# Comb honey and regular---any difference?



## DixyDoodle (Nov 15, 2005)

I happen to like honey in the comb but wonder if there is really any difference in that and just the honey that has been removed from the comb? Nutritionally-speaking, I mean? I seem to recall that some people think the comb has beneficial qualities also, or as herbal remedies for something?

I do eat the wax: basically I just scoop out a bit and spread it on toast in the morning. 

Just thought I would ask the experts here. 

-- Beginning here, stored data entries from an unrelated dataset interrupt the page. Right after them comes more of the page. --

(* Let $(G,\cdot)$ be a group, let $A$ be an abelian subgroup of $G$, and let $\mathcal{A}=\{\psi\in\operatorname{End}(G):\psi(G)\le A\}$. For $\psi\in\mathcal{A}$ define $g\circ_\psi h=g\cdot\psi(g)\cdot h\cdot\psi(g)^{-1}$. Then $(\circ_\psi:\psi\in\mathcal{A})$ is a brace block on $G$.
   Context: A skew brace is a triple $(G,\cdot,\circ)$ where $(G,\cdot)$ and $(G,\circ)$ are groups and $g\circ(h\cdot k)=(g\circ h)\cdot g^{-1}\cdot(g\circ k)$ for all $g,h,k$ ($g^{-1}$ the inverse for $\cdot$). A bi-skew brace is a triple $(G,\cdot,\circ)$ such that both $(G,\cdot,\circ)$ and $(G,\circ,\cdot)$ are skew braces. A brace block on a set $G$ is a family $\mathcal{F}$ of group operations on $G$ such that $(G,\circ,\diamond)$ is a bi-skew brace for all $\circ,\diamond\in\mathcal{F}$. *)

Set Implicit Arguments.
Unset Strict Implicit.

Definition is_group (T : Type) (op : T -> T -> T) : Prop :=
  (forall x y z, op x (op y z) = op (op x y) z) /\
  exists e : T,
    (forall x, op e x = x /\ op x e = x) /\
    (forall x, exists y, op x y = e /\ op y x = e).

Definition is_inverse (T : Type) (op : T -> T -> T) (g g' : T) : Prop :=
  forall e : T, (forall x, op e x = x /\ op x e = x) -> op g g' = e /\ op g' g = e.

Definition is_skew_brace (T : Type) (dot circ : T -> T -> T) : Prop :=
  is_group dot /\ is_group circ /\
  forall g ginv h k, is_inverse dot g ginv ->
    circ g (dot h k) = dot (dot (circ g h) ginv) (circ g k).

Definition is_bi_skew_brace (T : Type) (dot circ : T -> T -> T) : Prop :=
  is_skew_brace dot circ /\ is_skew_brace circ dot.

Definition brace_block (T I : Type) (P : I -> Prop) (F : I -> T -> T -> T) : Prop :=
  forall i j, P i -> P j -> is_bi_skew_brace (F i) (F j).

Definition circ_psi (T : Type) (mul : T -> T -> T) (inv : T -> T)
  (psi : T -> T) (g h : T) : T :=
  mul (mul (mul g (psi g)) h) (inv (psi g)).

(* Every psi in the family is an endomorphism with abelian image, so psi kills the
   conjugation in g o_psi h = g psi(g) h psi(g)^-1 and becomes a homomorphism
   (G, o_phi) -> (G, .) for every phi in the family: psi (g o_phi h) = psi g psi h.
   This makes o_psi associative, with identity 1 and inverse psi(g)^-1 g^-1 psi(g),
   and reduces the brace identity between o_phi and o_psi to a direct computation
   in which only elements of A have to be commuted. *)

Set Implicit Arguments.
Unset Strict Implicit.

Section CircBraceBlock.

Variables (T : Type) (mul : T -> T -> T) (inv : T -> T) (one : T).
Hypothesis mulA : forall x y z, mul x (mul y z) = mul (mul x y) z.
Hypothesis mul1g : forall x, mul one x = x.
Hypothesis mulg1 : forall x, mul x one = x.
Hypothesis mulVg : forall x, mul (inv x) x = one.
Hypothesis mulgV : forall x, mul x (inv x) = one.

Local Notation "x * y" := (mul x y).
Local Notation "x ^-1" := (inv x) (at level 2, format "x ^-1").
Local Notation circ := (circ_psi mul inv).

Lemma mulKg x y : x^-1 * (x * y) = y.
Proof. now rewrite mulA, mulVg, mul1g. Qed.

Lemma mulKVg x y : x * (x^-1 * y) = y.
Proof. now rewrite mulA, mulgV, mul1g. Qed.

Lemma invg_unique x y : x * y = one -> x^-1 = y.
Proof. now intros Exy; rewrite <- (mulKg x y), Exy, mulg1. Qed.

Lemma invgM x y : (x * y)^-1 = y^-1 * x^-1.
Proof. now apply invg_unique; rewrite <- mulA, mulKVg. Qed.

Lemma invgK x : x^-1^-1 = x.
Proof. apply invg_unique, mulVg. Qed.

Lemma invg1 : one^-1 = one.
Proof. apply invg_unique, mul1g. Qed.

(* Normal form: right-associated products of free-group reduced words. *)
#[local] Hint Rewrite <- mulA : gsimpl.
#[local] Hint Rewrite mulKg mulKVg mulVg mulgV mul1g mulg1 invgM invgK invg1 : gsimpl.

Variable A : T -> Prop.
Hypothesis AV : forall x, A x -> A x^-1.
Hypothesis Acomm : forall x y, A x -> A y -> x * y = y * x.

Lemma mulgCA x y : A x -> A y -> forall z, x * (y * z) = y * (x * z).
Proof. now intros Ax Ay z; rewrite !mulA, (Acomm Ax Ay). Qed.

Definition endo_into (psi : T -> T) : Prop :=
  (forall x y, psi (x * y) = psi x * psi y) /\ (forall x, A (psi x)).

Section OneEndomorphism.

Variable psi : T -> T.
Hypothesis psiM : forall x y, psi (x * y) = psi x * psi y.
Hypothesis psiA : forall x, A (psi x).

Lemma morph1 : psi one = one.
Proof.
now rewrite <- (mulKg (psi one) (psi one)), <- psiM, mul1g, mulVg.
Qed.

Lemma morphV x : psi x^-1 = (psi x)^-1.
Proof. now symmetry; apply invg_unique; rewrite <- psiM, mulgV, morph1. Qed.

Lemma morph_circ (phi : T -> T) g h : psi (circ phi g h) = psi g * psi h.
Proof.
unfold circ_psi; rewrite !psiM, morphV; autorewrite with gsimpl.
now rewrite (mulgCA (psiA (phi g)) (psiA h)); autorewrite with gsimpl.
Qed.

Lemma circ1g x : circ psi one x = x.
Proof. now unfold circ_psi; rewrite morph1; autorewrite with gsimpl. Qed.

Lemma circg1 x : circ psi x one = x.
Proof. now unfold circ_psi; autorewrite with gsimpl. Qed.

Lemma circA x y z : circ psi x (circ psi y z) = circ psi (circ psi x y) z.
Proof.
now unfold circ_psi at 3; rewrite (morph_circ psi x y); unfold circ_psi;
  autorewrite with gsimpl.
Qed.

Definition circ_inv g := (psi g)^-1 * (g^-1 * psi g).

Lemma morph_circ_inv g : psi (circ_inv g) = (psi g)^-1.
Proof.
unfold circ_inv; rewrite !psiM, !morphV.
now rewrite (mulgCA (AV (psiA (psi g))) (AV (psiA g))); autorewrite with gsimpl.
Qed.

Lemma circVg g : circ psi (circ_inv g) g = one.
Proof.
now unfold circ_psi; rewrite morph_circ_inv; unfold circ_inv; autorewrite with gsimpl.
Qed.

Lemma circgV g : circ psi g (circ_inv g) = one.
Proof. now unfold circ_psi, circ_inv; autorewrite with gsimpl. Qed.

Lemma circ_is_group : is_group (circ psi).
Proof.
split; [exact circA|].
exists one; split; [split; [apply circ1g | apply circg1]|].
now intros g; exists (circ_inv g); split; [apply circgV | apply circVg].
Qed.

Lemma is_inverse_circ g g' : is_inverse (circ psi) g g' -> g' = circ_inv g.
Proof.
intros Hg'; destruct (Hg' one (fun x => conj (circ1g x) (circg1 x))) as [Egg' _].
now rewrite <- (circ1g g'), <- (circVg g), <- circA, Egg', circg1.
Qed.

End OneEndomorphism.

Lemma circ_brace_law psi phi g h k :
  endo_into psi -> (forall x, A (phi x)) ->
  circ phi g (circ psi h k)
  = circ psi (circ psi (circ phi g h) (circ_inv psi g)) (circ phi g k).
Proof.
intros [psiM psiA] phiA.
rewrite <- (circA psiM psiA).
set (X := circ phi g h); set (g' := circ_inv psi g).
assert (psiX : psi X = psi g * psi h) by exact (morph_circ psiM psiA phi g h).
assert (psig' : psi g' = (psi g)^-1) by exact (morph_circ_inv psiM psiA g).
unfold circ_psi; rewrite psiX, psig'; unfold X, g', circ_inv, circ_psi.
autorewrite with gsimpl.
rewrite (mulgCA (psiA g) (psiA h)); autorewrite with gsimpl.
rewrite (mulgCA (AV (phiA g)) (psiA h)); autorewrite with gsimpl.
rewrite (mulgCA (psiA g) (AV (psiA h))); autorewrite with gsimpl.
now rewrite (Acomm (AV (psiA h)) (AV (phiA g))).
Qed.

Lemma circ_skew_brace psi phi :
  endo_into psi -> endo_into phi -> is_skew_brace (circ psi) (circ phi).
Proof.
intros [psiM psiA] [phiM phiA].
split; [exact (circ_is_group psiM psiA)|]; split; [exact (circ_is_group phiM phiA)|].
intros g g' h k Hg'; rewrite (is_inverse_circ psiM psiA Hg').
exact (circ_brace_law g h k (conj psiM psiA) phiA).
Qed.

End CircBraceBlock.

Theorem mainTheorem7
  (T : Type) (mul : T -> T -> T) (inv : T -> T) (one : T)
  (mulA : forall x y z, mul x (mul y z) = mul (mul x y) z)
  (mul1g : forall x, mul one x = x) (mulg1 : forall x, mul x one = x)
  (mulVg : forall x, mul (inv x) x = one) (mulgV : forall x, mul x (inv x) = one)
  (A : T -> Prop)
  (A1 : A one) (AM : forall x y, A x -> A y -> A (mul x y))
  (AV : forall x, A x -> A (inv x))
  (Acomm : forall x y, A x -> A y -> mul x y = mul y x) :
  brace_block
    (fun psi : T -> T =>
       (forall x y, psi (mul x y) = mul (psi x) (psi y)) /\ (forall x, A (psi x)))
    (fun psi => circ_psi mul inv psi).
Proof.
intros psi phi Hpsi Hphi.
now split; apply (circ_skew_brace mulA mul1g mulg1 mulVg mulgV AV Acomm).
Qed.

PS> This is organic honey from a local beekeeper, not commercially-sold honey from the stores.


----------



## damoc (Jul 14, 2007)

you know for a fact comb honey has never been heat treated much better taste.


----------



## DixyDoodle (Nov 15, 2005)

So it is considered "raw" as opposed to that in bottles--even if sold by a farmer's market type setting? 

Do you know if there are any supposed health benefits to eating raw honey? I know that they say heat often does destroy certain qualities in some foods. Hmmmmmm......


----------



## Batt (Sep 8, 2006)

With comb honey you get wax....That's all. Now there may be some things (enzymes, minerals, bee parts) in the wax that are not in the extracted honey, but that is the only difference.

Local (as opposed to imported) honey is usually just de-capped comb honey that is spun in a centrifuge to get it out of the comb and then strained thru a mesh to remove loose wax and before mentioned bee body parts. Very few bees are injured in the process, but occasionally....Then the comb can be reused by the bees for the next batch of honey. The comb can be used several times.


----------



## Ed0517 (Aug 28, 2005)

DixyDoodle said:


> So it is considered "raw" as opposed to that in bottles--even if sold by a farmer's market type setting?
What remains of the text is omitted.